The Lumara Plan bridges that gap by bringing together:
- Pre-Tax benefit deductions for Section 125
- Medical expenses paid for by the employer
- Managing compliance from start to finish
- Design a custom strategy for every size company
This makes for a unified strategy that saves more money on taxes, decreases the cost of benefits, and gives workers better care assistance.
Example From the Real World
The Lumara Plan replaces a $500/month premium group plan for a firm with 40 employees. Instead of spending $240,000 in premiums per year:
- The firm puts $200 a month into each employee’s medical reimbursement account, which adds up to $96,000 a year.
- Section 125 savings save payroll taxes by more than $7,000 a year.

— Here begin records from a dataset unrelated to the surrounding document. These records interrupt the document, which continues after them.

Lemma arc_head_descendant w u : a w u -> y <=T u.
Proof.
move=> hwu; apply: NNPP => hu.
have uy : u != y by apply: contra_not_neq hu => ->; apply: ancestor_refl.
have [hw|hw] := classic (y <=T w).
  have wy : w != y by apply: contraTneq hwu => ->; rewrite center_sink.
  exact/hu/(arc_descendant hw wy hwu).
have [huy|//] := out_comparable hwu ((arc_to_centerP w).2 hw).
have u_proper : has_proper_descendant u by exists y; rewrite // eq_sym.
by rewrite (has_proper_descendant_uniq u_proper y_proper) eqxx in uy.
Qed.

Lemma out_neighbour_uniq x o1 o2 :
  a x o1 -> a x o2 -> o1 != y -> o2 != y -> o1 = o2.
Proof.
move=> h1 h2 o1y o2y; case: (eqVneq o1 o2) => // ne.
have : has_proper_descendant o1 \/ has_proper_descendant o2.
  by case: (out_comparable h1 h2) => h; [left; exists o2; rewrite // eq_sym | right; exists o1].
by case=> /has_proper_descendant_uniq/(_ y_proper) e; [move: o1y | move: o2y]; rewrite e eqxx.
Qed.

Lemma center_in_neighbour_out v : a v y -> exists2 w, w != y & a v w.
Proof.
move=> hvy; apply: NNPP => no_out; have hv := (arc_to_centerP v).1 hvy.
have nbr_center w : uadj a v w -> w = y.
  case/orP => [hvw|/arc_head_descendant //].
  by apply: NNPP => /eqP wy; apply: no_out; exists w.
have := udeg_gt1 v; rewrite ltnNge => /negP; apply; apply/card_le1_eqP => w1 w2.
by rewrite !inE => /nbr_center -> /nbr_center ->.
Qed.

Lemma intree_leaf_center u : intree_leaf a [set~ y] u = a u y.
Proof.
have [->|uy] := eqVneq u y; first by rewrite center_sink /intree_leaf !inE eqxx.
apply/idP/idP => [/and3P [_ /forallP no_in /eqP out1]|huy].
  apply: contraT => nuy; have := udeg_gt1 u; rewrite ltnNge -out1 subset_leq_card //.
  apply/subsetP => z; rewrite !inE /uadj => /orP [huz|hzu].
    by rewrite huz andbT; apply: contraNneq nuy => <-.
  have [zy|zy] := eqVneq z y; first by rewrite zy center_sink in hzu.
  by have := no_in z; rewrite !inE zy hzu.
rewrite /intree_leaf !inE uy /=; apply/andP; split.
  apply/forallP => w; apply/implyP => _; apply/negP => /arc_head_descendant.
  exact: (arc_to_centerP u).1 huy.
have [w wy huw] := center_in_neighbour_out huy.
apply/cards1P; exists w; apply/setP => z; rewrite !inE.
by apply/andP/eqP => [[zy huz]|->]; [apply: out_neighbour_uniq huz huw zy wy | rewrite wy huw].
Qed.

Definition next x : option V := [pick w | (w != y) && a x w].

Lemma nextP x w : next x = Some w <-> (w != y) && a x w.
Proof.
rewrite /next; case: pickP => [w' /andP [w'y hw']|no_out]; split=> [|/andP [wy hw]].
- by case=> <-; rewrite w'y.
- by rewrite (out_neighbour_uniq hw' hw w'y wy).
- by [].
- by have := no_out w; rewrite wy hw.
Qed.

Definition ends x e : Prop := ancestor next e x /\ next e = None.

Lemma ends_next x w e : next x = Some w -> ends x e <-> ends w e.
Proof.
move=> hx; split=> [[hex he]|[hew he]]; split=> //.
  by case: (ancestor_parentP hex hx) => // ex; rewrite ex hx in he.
exact: ancestor_trans hew (ancestor_parent hx).
Qed.

Lemma next_depth x w : next x = Some w -> depth (f x) < depth (f w) \/ next w = None.
Proof.
move=> /nextP /andP [_ hxw]; have := arc_depth_le hxw.
rewrite leq_eqVlt => /orP [/eqP e|]; [right | by left].
by rewrite /next; case: pickP => // z /andP [_]; rewrite (arc_depth_eq_sink z hxw e).
Qed.

Lemma ends_exists x : exists e, ends x e.
Proof.
pose K := \max_z depth (f z).
have [n] := ubnP (K - depth (f x)); elim: n x => // n IH x hn.
case E: (next x) => [w|]; last by exists x; split=> //; apply: ancestor_refl.
have [lt|w_stop] := next_depth E.
  have w_le_K : depth (f w) <= K by exact: leq_bigmax.
  have [e he] := IH w (ltac:(lia)); exists e; exact/(ends_next e E).
by exists w; apply/(ends_next w E); split=> //; apply: ancestor_refl.
Qed.

(* [D = G - N^-[y]] is connected and consists of proper descendants of [y], so
   its vertices share an end; every in-neighbour of [y] points into [D]. *)
Lemma common_end : exists2 rt, rt != y & forall v, v != y -> ends v rt.
Proof.
set D := ~: in_nbhd_closed a y.
have inD z : (z \in D) = (z != y) && ~~ a z y by rewrite !inE negb_or.
have [d0 d0y hyd0] := y_proper.
have d0D : d0 \in D by rewrite inD d0y; apply/negP => /arc_to_centerP.
have [rt [hrt rt_stop]] := ends_exists d0.
have endsD v : v \in D -> ends v rt.
  move=> vD; have conn : connect [rel u w | [&& u \in D, w \in D & uadj a u w]] d0 v.
    by apply: contraT => nc; case: no_cutset; exists y, d0, v.
  apply: (connect_invariant (P := fun v => ends v rt)) conn (conj hrt rt_stop).
  move=> u w /and3P []; rewrite !inD => /andP [uy _] /andP [wy _] /orP [huw|hwu].
    have hu : next u = Some w by apply/nextP; rewrite wy huw.
    exact: (ends_next rt hu).1.
  have hw : next w = Some u by apply/nextP; rewrite uy hwu.
  exact: (ends_next rt hw).2.
exists rt.
  case: (ancestor_image hrt) => [->|[z /nextP /andP []]] //.
move=> v vy; have [hvy|nvy] := boolP (a v y); last by apply: endsD; rewrite inD vy.
have [w wy hvw] := center_in_neighbour_out hvy.
have hv : next v = Some w by apply/nextP; rewrite wy hvw.
apply/(ends_next rt hv)/endsD; rewrite inD wy; apply/negP => /arc_to_centerP; apply.
exact: arc_head_descendant hvw.
Qed.

Lemma center_chandelier : is_oriented_chandelier a.
Proof.
have [rt rty ends_rt] := common_end.
exists y, rt, next; split.
- split; rewrite ?inE //; first by case: (ends_rt rt rty).
    move=> v; rewrite !inE => vy vrt; have [hrv _] := ends_rt v vy.
    case E: (next v) => [u|]; last by rewrite (ancestor_parentless E hrv) eqxx in vrt.
    by have /andP [uy _] := (nextP v u).1 E; exists u; rewrite ?inE.
  by move=> v; rewrite !inE => /ends_rt [].
- move=> x z _; rewrite !inE => zy.
  by apply/idP/eqP => [hxz|/nextP /andP [] //]; apply/nextP; rewrite zy.
- have -> : [set u | intree_leaf a [set~ y] u] = [set u | uadj a y u].
    by apply/setP => u; rewrite !inE intree_leaf_center /uadj center_sink.
  exact: udeg_gt1.
- exact: center_sink.
- by move=> u _; rewrite intree_leaf_center.
Qed.

End Center.
End NoCutset.

End EmbeddedGraph.
End BurlingTree.

Theorem theorem5p5 (V : finType) (a : rel V) :
  0 < #|V| -> oriented a -> oriented_burling_graph a ->
  has_full_in_star_cutset a \/ is_oriented_chandelier a \/
  exists v : V, udeg a v <= 1.
Proof.
move=> V_gt0 oriented_a [W [r [par [ell [c [burling [f [f_inj arcE]]]]]]]].
have [[y y_proper]|none] := classic (exists y, has_proper_descendant par f y); last first.
  right; right; apply: (udeg_le1_of_no_proper_descendant burling arcE V_gt0) => y hy.
  by apply: none; exists y.
have [cutset|no_cutset] := classic (has_full_in_star_cutset a); first by left.
have [small|big] := classic (exists v, udeg a v <= 1); first by right; right.
have udeg_gt1 v : 1 < udeg a v by rewrite ltnNge; apply/negP => small; apply: big; exists v.
right; left.
exact: (center_chandelier burling f_inj arcE oriented_a no_cutset udeg_gt1 y_proper).
Qed.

- Employees get money back for genuine costs like medicines, physical therapy, and dental care.
- The organization saves more than $140,000 and keeps more employees happy and loyal.
Flexibility Built In for Any Business
The Lumara Plan may work in any setting, whether it’s a construction business, a professional services organization, or a store. It works for startups that want to provide benefits for the first time since there is no minimum group size and financing alternatives are available.
- Businesses switching from group plans with high costs
- Businesses who want to retain more customers and spend less on expenses
And since Lumara works well with most payroll systems, onboarding goes smoothly.
Final Thoughts
One of the best and cheapest methods to help people with their health care costs right now is to combine a self-insured medical expenditure reimbursement plan with a compliant Section 125 plan for small businesses. The Lumara Plan makes this approach easier to understand by turning it into a ready-to-use solution that offers clarity, savings, and value.
Employers get predictable prices and tax savings right away. Employees have more freedom, openness, and substantial reimbursements. In the end, both parties gain from a framework that is meant to last.
Learn how the Lumara Plan may change the way your health benefits work. With wiser tax savings, compliance administration, and a better approach to care for your workforce, your firm can grow.